Performance efficiency
We highly recommend deploying the PostgreSQL instance in the same region (and if possible, same availability zone) as the Coder server to optimize for low latency connections. We recommend keeping latency under 10ms between the Coder server and database.
When determining scaling requirements, take into account the following considerations:
2 vCPU x 8 GB RAM x 512 GB storage
: A baseline for database requirements for Coder deployment with less than 1000 users, and low activity level (30% active users).
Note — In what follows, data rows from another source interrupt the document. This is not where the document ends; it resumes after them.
(* Let $(V,\mu)$ be an infinite, connected, locally finite weighted graph, $q>1$, $\sigma\in\ell^+(V)$, $o\in V$. If $u\ge0$ on $V$ satisfies $-\Delta u\ge\sigma u^q$ in $V$, then for every integer $R\ge1$, $$u(o)^q\sigma(o)\mu(o)\le\Big(\frac q{q-1}\Big)^{\frac q{q-1}}\Big(\sum_{y\in V}g_{B_R}(o,y)^q\sigma(y)\mu(y)\Big)^{-\frac1{q-1}},$$ where $B_R=B(o,R)$.
   Context: Weighted graph: $\mu_{xy}=\mu_{yx}\ge0$, $\mu_{xy}>0$ iff $x\sim y$, $\mu(x)=\sum_{y\sim x}\mu_{xy}$; Laplacian $\Delta u(x)=\frac1{\mu(x)}\sum_{y\sim x}\mu_{xy}(u(y)-u(x))$. $d$ is the graph distance, $B(o,R)=\{x:d(o,x)\le R\}$. For finite $U\subset V$, $g_U(x,y)=\sum_{n\ge0}\mathbb P_x[X_n=y,n<\tau_U]/\mu(y)$ for $x,y\in U$ (and $0$ otherwise), where $(X_n)$ is the random walk with $P(x,y)=\mu_{xy}/\mu(x)$ and $\tau_U$ its first exit time from $U$. *)

From HB Require Import structures.
From mathcomp Require Import all_boot all_order all_algebra.
From mathcomp Require Import all_classical all_reals all_analysis.
Set Implicit Arguments. Unset Strict Implicit. Unset Printing Implicit Defensive.
Import Order.TTheory GRing.Theory Num.Theory.
Local Open Scope classical_set_scope.
Local Open Scope ring_scope.

Section Graph.
Variables (R : realType) (V : choiceType) (mu : V -> V -> R).

Definition adj (x y : V) : Prop := 0 < mu x y.
Definition nbrs (x : V) : set V := [set y | adj x y].

Definition weighted_graph : Prop :=
  (forall x y, mu x y = mu y x) /\ (forall x y, 0 <= mu x y).

Definition locally_finite : Prop := forall x, finite_set (nbrs x).

(* graph ball: gball o n = B(o,n) = {x | d(o,x) <= n} *)
Fixpoint gball (o : V) (n : nat) : set V :=
  match n with
  | 0 => [set o]
  | n.+1 => gball o n `|` [set x | exists2 y, gball o n y & adj y x]
  end.

Definition connected_graph : Prop := forall x y, exists n, gball x n y.

Definition vmu (x : V) : R := \sum_(y \in nbrs x) mu x y.

Definition lap (u : V -> R) (x : V) : R :=
  (vmu x)^-1 * \sum_(y \in nbrs x) mu x y * (u y - u x).

Definition trans (x y : V) : R := mu x y / vmu x.

(* killed walk: killed U n x y = P_x[X_n = y, n < tau_U] *)
Fixpoint killed (U : set V) (n : nat) (x y : V) : R :=
  match n with
  | 0 => if (x \in U) && (x == y) then 1 else 0
  | n.+1 => if x \in U then \sum_(z \in nbrs x) trans x z * killed U n z y
            else 0
  end.

Definition green (U : set V) (x y : V) : R :=
  if (x \in U) && (y \in U) then limn (fun N : nat => \sum_(n < N) killed U n x y) / vmu y
  else 0.

End Graph.

(* Write h for the Green function G_B(o, .) of the ball B = B(o, R) and t = h / u.
   Testing -Δu >= σ u^q against the Picone-type weight G = h t^(q-1) = h^q / u^(q-1) and
   bounding the discrete gradient terms by Young's inequality gives
     (q - 1) Σ_y σ(y) h(y)^q μ(y) <= q (h(o) / u(o))^(q-1),
   since G is supported in B and h is superharmonic there except for the unit mass at o.
   On the other hand the walk representation u(o) >= Σ_y G_B(o, y) μ(y) (-Δu)(y) gives
   h(o) / u(o) <= (u(o)^q σ(o) μ(o))^(-1); solving the two inequalities for u(o)^q σ(o) μ(o)
   yields the estimate.  As G_B is defined as a limit, the argument is run for the truncated
   occupation sums, which satisfy the same superharmonicity inequality, and then N -> oo. *)

From HB Require Import structures.
From mathcomp Require Import all_boot all_order all_algebra.
From mathcomp Require Import all_classical all_reals all_analysis.
From mathcomp Require Import finmap ring lra.
Set Implicit Arguments. Unset Strict Implicit. Unset Printing Implicit Defensive.
Import Order.TTheory GRing.Theory Num.Theory numFieldNormedType.Exports.
Local Open Scope classical_set_scope.
Local Open Scope ring_scope.

Section PowerInequalities.
Variables (R : realType) (q : R).
Hypothesis q_gt1 : 1 < q.

Let q_gt0 : 0 < q. Proof. exact: lt_trans q_gt1. Qed.
Let q1_gt0 : 0 < q - 1. Proof. by rewrite subr_gt0. Qed.

(* Tangent-line bound for the convex map s |-> s^q at t, via Young's inequality with
   exponents q and q/(q-1) applied to s and t^(q-1). *)
Lemma powR_tangent_le (s t : R) : 0 <= s -> 0 <= t ->
  q * powR t (q - 1) * s - (q - 1) * powR t q <= powR s q.
Proof.
move=> s_ge0 t_ge0.
have p_gt0 : 0 < q / (q - 1) by rewrite divr_gt0.
have := conjugate_powR s_ge0 (powR_ge0 t (q - 1)) q_gt0 p_gt0.
have -> : q^-1 + (q / (q - 1))^-1 = 1 by field; rewrite !gt_eqF.
rewrite -powRrM.
have -> : (q - 1) * (q / (q - 1)) = q by field; rewrite gt_eqF.
have -> : powR t q / (q / (q - 1)) = (q - 1) * powR t q / q by field; rewrite !gt_eqF.
move=> /(_ erefl); rewrite -(ler_pM2r q_gt0) mulrDl !divfK ?gt_eqF //.
by rewrite lerBlDr mulrC (mulrC s) mulrA.
Qed.

Lemma picone_powR (t h u : R) : 0 <= t -> 0 <= h -> 0 < u ->
  q * powR t (q - 1) * h - (q - 1) * powR t q * u <= h * powR (h / u) (q - 1).
Proof.
move=> t_ge0 h_ge0 u_gt0.
have hu_ge0 : 0 <= h / u by rewrite divr_ge0 // ltW.
have := @powR_tangent_le _ _ hu_ge0 t_ge0.
rewrite -(mulr_powRB1 hu_ge0 q_gt0) -(ler_pM2r u_gt0).
congr (_ <= _); field; by rewrite gt_eqF.
Qed.

End PowerInequalities.

Lemma sum_delta (R : pzRingType) (T : eqType) (r : seq T) (x : T) (F : T -> R) :
  uniq r -> x \in r -> \sum_(y <- r) (x == y)%:R * F y = F x.
Proof.
move=> r_uniq xr; rewrite (bigD1_seq x) //= eqxx mul1r big1 ?addr0 // => y yx.
by rewrite eq_sym (negbTE yx) mul0r.
Qed.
This capacity should be sufficient to support 100 external provisioners.- Storage size depends on user activity, workspace builds, log verbosity, overhead on database encryption, etc.
- Allocate two additional CPU core to the database instance for every 1000 active users.
- Enable High Availability mode for database engine for large scale deployments.
If you enable
database encryption in Coder,
consider allocating an additional CPU core to every coderd
replica.
Resource utilization guidelines
Below are general recommendations for sizing your PostgreSQL instance:
- Increase number of vCPU if CPU utilization or database latency is high.
- Allocate extra memory if database performance is poor, CPU utilization is low, and memory utilization is high.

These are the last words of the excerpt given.